Branding as a concept as well as a tool and brand building activities thereon are considered important pillars of modern marketing. Traditionally, brands and branding activities have been associated more intently with marketing effort targeted at end customers in the B2C markets. However, there is a growing awareness of the virtues of brand building in the B2B arena as well. Brands are supposed to serve B2B markets for precisely the same generic purposes as it meant to achieve in B2C or consumer markets.
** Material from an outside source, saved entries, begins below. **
(* Let $\Omega$ be a Stone signature and $\mathcal S$ a Stone pseudovariety. Then the class $\widehat{\mathcal S}$ of all Stone topological $\Omega$-algebras that are residually $\mathcal S$ is also a Stone pseudovariety and, for every topological space $X$, the relatively free Stone topological algebras $\overline{\Omega}_X\mathcal S$ and $\overline{\Omega}_X\widehat{\mathcal S}$ are isomorphic (as topological algebras).
   Context: A Stone signature is $\Omega=\biguplus_n\Omega_n$ with each $\Omega_n$ a compact Hausdorff 0-dimensional space. A Stone topological $\Omega$-algebra is a compact Hausdorff 0-dimensional space $A$ with continuous evaluation maps $\Omega_n\times A^n\to A$. A Stone pseudovariety is a nonempty class of Stone topological $\Omega$-algebras closed under images by onto continuous homomorphisms that are Stone topological algebras, closed subalgebras, and finite direct products. An algebra is residually $\mathcal C$ if any two distinct elements are separated by a continuous homomorphism into a member of $\mathcal C$. For a Stone pseudovariety $\mathcal T$, $\overline{\Omega}_X\mathcal T$ denotes the $\mathcal T$-free Stone topological algebra over $X$: a Stone topological algebra $F$ that is residually $\mathcal T$, with a continuous map $\iota:X\to F$ whose image generates a dense subalgebra, such that every continuous map $X\to T$ with $T\in\mathcal T$ factors uniquely as $\hat\varphi\circ\iota$ with $\hat\varphi$ a continuous homomorphism. *)

From HB Require Import structures.
From mathcomp Require Import all_boot all_order.
From mathcomp Require Import all_classical all_reals all_analysis.
(** * Optimising the Chernoff exponent; the variance bound *)

Lemma bernstein_exponent_attained r W lam : 0 < r -> 0 <= W -> 0 < lam ->
  exists s, 0 <= s /\ s * r < 3 /\
    - (s * lam) + s ^ 2 * W / (2 * (1 - s * r / 3))
    = - (lam ^ 2 / (2 / 3 * r * lam + 2 * W)).
Proof.
  intros Hr HW Hlam. destruct HW as [HW | <-].
  - exists (lam / (W + r * lam / 3)).
    assert (0 < W + r * lam / 3) by nra.
    split; [apply Rlt_le, Rdiv_lt_0_compat; lra |]. split.
    + unfold Rdiv. rewrite Rmult_assoc, (Rmult_comm (/ _)), <- Rmult_assoc.
      apply Rlt_div_l; nra.
    + field. split; [lra |].
      replace (W * 3 + r * lam - lam * r) with (3 * W) by ring. lra.
  - exists (3 / (2 * r)). split; [| split].
    + apply Rlt_le, Rdiv_lt_0_compat; lra.
    + field_simplify; lra.
    + field. lra.
Qed.

(* For [W = 0] both sides are [0]: Rocq's division gives [lam ^ 2 / 0 = 0]. *)
Lemma gaussian_exponent_attained W lam : 0 <= W -> 0 < lam ->
  exists s, 0 <= s /\ - (s * lam) + s ^ 2 * W / 2 = - (lam ^ 2 / (2 * W)).
Proof.
  intros [HW | <-] Hlam.
  - exists (lam / W). split; [apply Rlt_le, Rdiv_lt_0_compat | field]; lra.
  - exists 0. split; [lra |].
    replace (2 * 0) with 0 by ring. unfold Rdiv. rewrite Rinv_0. ring.
Qed.

Lemma pS_variance_bound r m q a : 0 < r -> 0 <= m -> 0 <= a <= q ->
  r ^ 2 * (a * (1 - a))
  <= Rmin r ((r + m) + m - 2 * sqrt (m * (r + m))) * (r * q + m).
Proof.
  intros Hr Hm Ha. set (s := sqrt (m * (r + m))).
  assert (Hs : s * s = m * (r + m)) by (apply sqrt_sqrt; nra).
  assert (0 <= s) by apply sqrt_pos.
  assert (Hmin : Rmin r ((r + m) + m - 2 * s) = r + 2 * m - 2 * s).
  { rewrite Rmin_right; [ring |]. nra. }
  assert (Hnonneg : 0 <= r + 2 * m - 2 * s) by nra.
  rewrite Hmin.
  (* The gap is a perfect square: (r + 2m - 2s)(ra + m) - r^2 a (1 - a) = (ra + m - s)^2. *)
  assert (r ^ 2 * (a * (1 - a)) <= (r + 2 * m - 2 * s) * (r * a + m)).
  { assert (0 <= (r * a + m - s) ^ 2) by apply pow2_ge_0. nra. }
  assert ((r + 2 * m - 2 * s) * (r * a + m) <= (r + 2 * m - 2 * s) * (r * q + m))
    by (apply Rmult_le_compat_l; nra).
  lra.
Qed.

Lemma sumR_app {A} (f : A -> R) l1 l2 : sumR f (l1 ++ l2) = sumR f l1 + sumR f l2.
Proof. induction l1 as [| x l1 IH]; simpl; [| rewrite IH]; ring. Qed.

Lemma sumR_map {A B} (f : B -> R) (g : A -> B) l :
  sumR f (map g l) = sumR (fun x => f (g x)) l.
Proof. induction l as [| x l IH]; simpl; [| rewrite IH]; reflexivity. Qed.

Lemma sumR_flat_map {A B} (f : B -> R) (g : A -> list B) l :
  sumR f (flat_map g l) = sumR (fun x => sumR f (g x)) l.
Proof. induction l as [| x l IH]; simpl; [| rewrite sumR_app, IH]; reflexivity. Qed.

Lemma sumR_list_prod {A B} (f : A * B -> R) l1 l2 :
  sumR f (list_prod l1 l2) = sumR (fun x => sumR (fun y => f (x, y)) l2) l1.
Proof. induction l1 as [| x l1 IH]; simpl; [| rewrite sumR_app, sumR_map, IH]; reflexivity. Qed.

Lemma sumR_scal_l {A} (f : A -> R) c l : sumR (fun x => c * f x) l = c * sumR f l.
Proof. induction l as [| x l IH]; simpl; [| rewrite IH]; ring. Qed.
This namely encompasses – facilitation of product identification by buyers of products, services and businesses as well as creation of differentiation against competitors (Anderson & Narus, 2004).

Commenting upon the importance of brands for corporations Steenkamp (2014), posits brands as the ‘lifeblood’ of companies as they are instrumental in – generating market share, increasing customer loyalty, amplifying channel power, enabling larger profit margins, and helping to guard against competitive attacks.

The importance and challenge of establishing a successful brand has led authors to say that - as far as marketing as a profession is concerned “perhaps the most distinctive skill of professional marketers is their ability to create, maintain, enhance, and protect brands” (Kotler & Keller, 2007, p. 157).

Expanding the ambit of this discussion further, within this framework, there is also a need to look at the special category of organizations that may benefit from branding and brand building effort, namely the startups. Startups are unique in the way that they usually come into fruition with an individual or a very small group of people getting convinced about an idea whose time they think has arrived and which has a market which is worth pursuing as a business model. Another category is when an existing company or entrepreneurial venture, which is relatively well established, plans to enter into a new business/category and to realize this plan creates a new company.

This chapter is focused upon the former category of startups wherein the founders are not part of an existing company and are endeavoring to create something from scratch.